BUT IT IS SOOOOOOOOOOOO TRUE! ::yes::


hucifer said:
We run over to the Haunted Mansion. This is weird, we actually entered the exit. Come to find out, it’s because we’re skipping the lines and getting right on. But first we enter through a secret Cast Members Only area and walk through secret passageways to get to the front. This is wicked cool!?.
:confused3 No Stretching room?????

hucifer said:
On the other side of this wall, he will take us to…the Utilidors!!!
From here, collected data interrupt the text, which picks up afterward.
(* Let $\mathbf{a}=(a_1,\dots,a_n)\in\mathbb{Z}_{\ge0}^n$ with $\mathbf{a}\ne\mathbf{0}$ and $a_1\ge\dots\ge a_n$, let $0<\beta<1$, $\epsilon>0$ and $c_2>0$ with $0<c_2\epsilon<1$, and suppose $1-\beta\ge\dfrac{c_2\epsilon}{n\|\mathbf{a}\|_1}$. If a real number $Z$ satisfies $$\mathrm{Vol}(Q_0\cap Q_1)\le Z\le\Big(1+\frac{c_2\epsilon^2}{2n}\Big)\mathrm{Vol}(Q_0\cap Q_1),$$ then $$(1-\epsilon)\Big(\frac{2^n}{n!}-\mathrm{Vol}(Q_1\cap Q_0)\Big)\le \frac{2^n}{n!}-Z\le \frac{2^n}{n!}-\mathrm{Vol}(Q_1\cap Q_0).$$
   Context: For $\mathbf{c}\in\mathbb{R}^n$, $r\ge 0$, $C(\mathbf{c},r)=\{\mathbf{x}\in\mathbb{R}^n:\|\mathbf{x}-\mathbf{c}\|_1\le r\}$. For $k=0,1,2,\dots$, $Q_k=C((1-\beta^k)\mathbf{a},\beta^k)$. *)

From Stdlib Require Import Reals Lra Lia List ZArith.
Import ListNotations.
Open Scope R_scope.

(* Points of R^n are represented as functions nat -> R; only the
   coordinates 0..n-1 are relevant. *)
Definition pt := nat -> R.

Fixpoint rsum (n : nat) (f : nat -> R) : R :=
  match n with
  | O => 0
  | S m => rsum m f + f m
  end.

Definition l1norm (n : nat) (x : pt) : R := rsum n (fun i => Rabs (x i)).

Definition C (n : nat) (c : pt) (r : R) : pt -> Prop :=
  fun x => l1norm n (fun i => x i - c i) <= r.

Definition Q (n : nat) (a : nat -> nat) (beta : R) (k : nat) : pt -> Prop :=
  C n (fun i => (1 - beta ^ k) * INR (a i)) (beta ^ k).

Definition dcube (n k : nat) (z : list Z) : pt -> Prop :=
  fun x => forall i, (i < n)%nat ->
    IZR (nth i z 0%Z) / 2 ^ k <= x i <= (IZR (nth i z 0%Z) + 1) / 2 ^ k.

Definition inner_vals (n : nat) (S : pt -> Prop) (v : R) : Prop :=
  exists (k : nat) (F : list (list Z)),
    NoDup F /\
    (forall z, In z F -> length z = n /\ forall x, dcube n k z x -> S x) /\
    v = INR (length F) / 2 ^ (k * n).

(* V is the (Jordan = Lebesgue, for the compact convex sets considered here)
   volume of S: the supremum of the inner dyadic approximations. *)
Definition is_volume (n : nat) (S : pt -> Prop) (V : R) : Prop :=
  is_lub (inner_vals n S) V.

(* Since V <= Z, the right inequality is immediate and the left one reduces to
   V (1 + c2 eps / (2n)) <= 2^n / n!, the volume of the unit l1 ball.  Slice Q0 ∩ Q1
   perpendicularly to the first axis: left of the point p where the rising flank of the
   tent of Q1 crosses the falling flank of the tent of Q0, a slice lies in an
   (n-1)-dimensional l1 ball of radius given by the first tent, right of p by the second.
   Integrating the slice volumes gives Vol(Q0 ∩ Q1) <= (2^n / n!) q^n, where
   q = 1 - (1 - beta)(1 + a_1)/2 is the common height of the tents at p.  The gap
   hypothesis gives q <= 1 - x with x = c2 eps / (2n^2), and (1 - x)^n (1 + n x) <= 1 by
   Bernoulli's inequality.  Volumes being suprema of dyadic inner approximations, the
   integration is carried out on cube counts, column by column along the first axis, and
   the volume of the lower-dimensional balls is bounded the same way by induction. *)

From Pilot Require Import Defs.
From Stdlib Require Import Reals Lra Lia List ZArith.
Open Scope R_scope.

Lemma rsum_nonneg (n : nat) (f : nat -> R) : (forall i, 0 <= f i) -> 0 <= rsum n f.
Proof. intros Hf. induction n as [|n IH]; simpl; [lra | specialize (Hf n); lra]. Qed.

Lemma rsum_le_const (n : nat) (f : nat -> R) (M : R) :
  (forall i, (i < n)%nat -> f i <= M) -> rsum n f <= INR n * M.
Proof.
  induction n as [|n IH]; intros Hf; [simpl; lra|].
  rewrite S_INR. simpl.
  assert (f n <= M) by (apply Hf; lia).
  assert (rsum n f <= INR n * M) by (apply IH; intros; apply Hf; lia).
  lra.
Qed.

Lemma rsum_ge_term (n : nat) (f : nat -> R) (i : nat) :
  (forall j, 0 <= f j) -> (i < n)%nat -> f i <= rsum n f.
Proof.
  induction n as [|n IH]; intros Hf Hi; simpl; [lia|].
  destruct (Nat.eq_dec i n) as [->|Hne].
  - pose proof (rsum_nonneg n f Hf). lra.
  - assert (f i <= rsum n f) by (apply IH; auto; lia). specialize (Hf n). lra.
Qed.

Lemma rsum_S_l (n : nat) (f : nat -> R) : rsum (S n) f = f 0%nat + rsum n (fun i => f (S i)).
Proof.
  induction n as [|n IH]; [simpl; lra|].
  change (rsum (S (S n)) f) with (rsum (S n) f + f (S n)). rewrite IH. simpl. lra.
Qed.

Lemma l1norm_nonneg (n : nat) (x : pt) : 0 <= l1norm n x.
Proof. apply rsum_nonneg. intros; apply Rabs_pos. Qed.

Lemma l1norm_S (n : nat) (x : pt) : l1norm (S n) x = Rabs (x 0%nat) + l1norm n (fun i => x (S i)).
Proof. apply rsum_S_l. Qed.

Lemma pow_sub_pow_ge (m : nat) (X Y rho : R) : 0 <= rho <= Y -> Y <= X ->
  (X - Y) * INR (S m) * rho ^ m <= X ^ S m - Y ^ S m.
Proof.
  intros Hrho HYX. induction m as [|m IH]; [simpl; lra|].
  (* X^(m+2) - Y^(m+2) = X (X^(m+1) - Y^(m+1)) + Y^(m+1) (X - Y), and X, Y >= rho. *)
  assert (HXrho : rho * ((X - Y) * INR (S m) * rho ^ m) <= X * (X ^ S m - Y ^ S m)).
  { apply Rmult_le_compat; try lra.
    repeat apply Rmult_le_pos; try lra; [apply pos_INR | apply pow_le; lra]. }
  assert (Hrho1 : rho ^ S m <= Y ^ S m) by (apply pow_incr; lra).
  assert (HXY : (X - Y) * rho ^ S m <= (X - Y) * Y ^ S m) by (apply Rmult_le_compat_l; lra).
  rewrite S_INR. simpl in *. nra.
Qed.

Lemma one_sub_pow_mul_le (n : nat) (x : R) : 0 < x <= 1 -> (1 - x) ^ n * (1 + INR n * x) <= 1.
Proof.
  intros Hx.
  apply Rle_trans with ((1 - x) ^ n * (1 + x) ^ n).
  - apply Rmult_le_compat_l; [apply pow_le; lra | apply poly; lra].
  - rewrite <- Rpow_mult_distr, <- (pow1 n). apply pow_incr. rewrite pow1. nra.
Qed.

Definition posp (m : nat) (u : R) : R := if Rle_dec 0 u then u ^ m else 0.

Lemma posp_nonneg (m : nat) (u : R) : 0 <= posp m u.
Proof. unfold posp. destruct (Rle_dec 0 u); [apply pow_le; lra | lra]. Qed.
Oh, color me excited! The Utilidors! The Utilidors!
Was their a bust of Mickey that you had to flip down and the wall opened up? Didja have to slide down a pole?????? :bounce:

.

hucifer said:
It looked like any other employee building, but without the windows or sunlight. There were long corridors and rooms and areas that led off from them. Posters lined the halls, reminding the cast members to smile while onstage, to pick up their paychecks on Thursdays, that break time was 30 minutes, and that Janice Hooper was Employee of the Month.
yuck.gif
Just like my job!

hucifer said:
Matthew told us that a cast member can go from one side of the park to the other in just a few minutes down here..
I'd want him to PROVE it!

hucifer said:
Many of the cast members smiled at us brightly when they saw us...
They probably knew you were the ONE who straddled the JC Boat! :rolleyes1

hucifer said:
Dan says we should hit the Carousel of Progress and I get all sentimental inside. I’m all, Aww…he wants to see one of the original Walt attractions…he likes this one as much as me…he gets nostalgic too.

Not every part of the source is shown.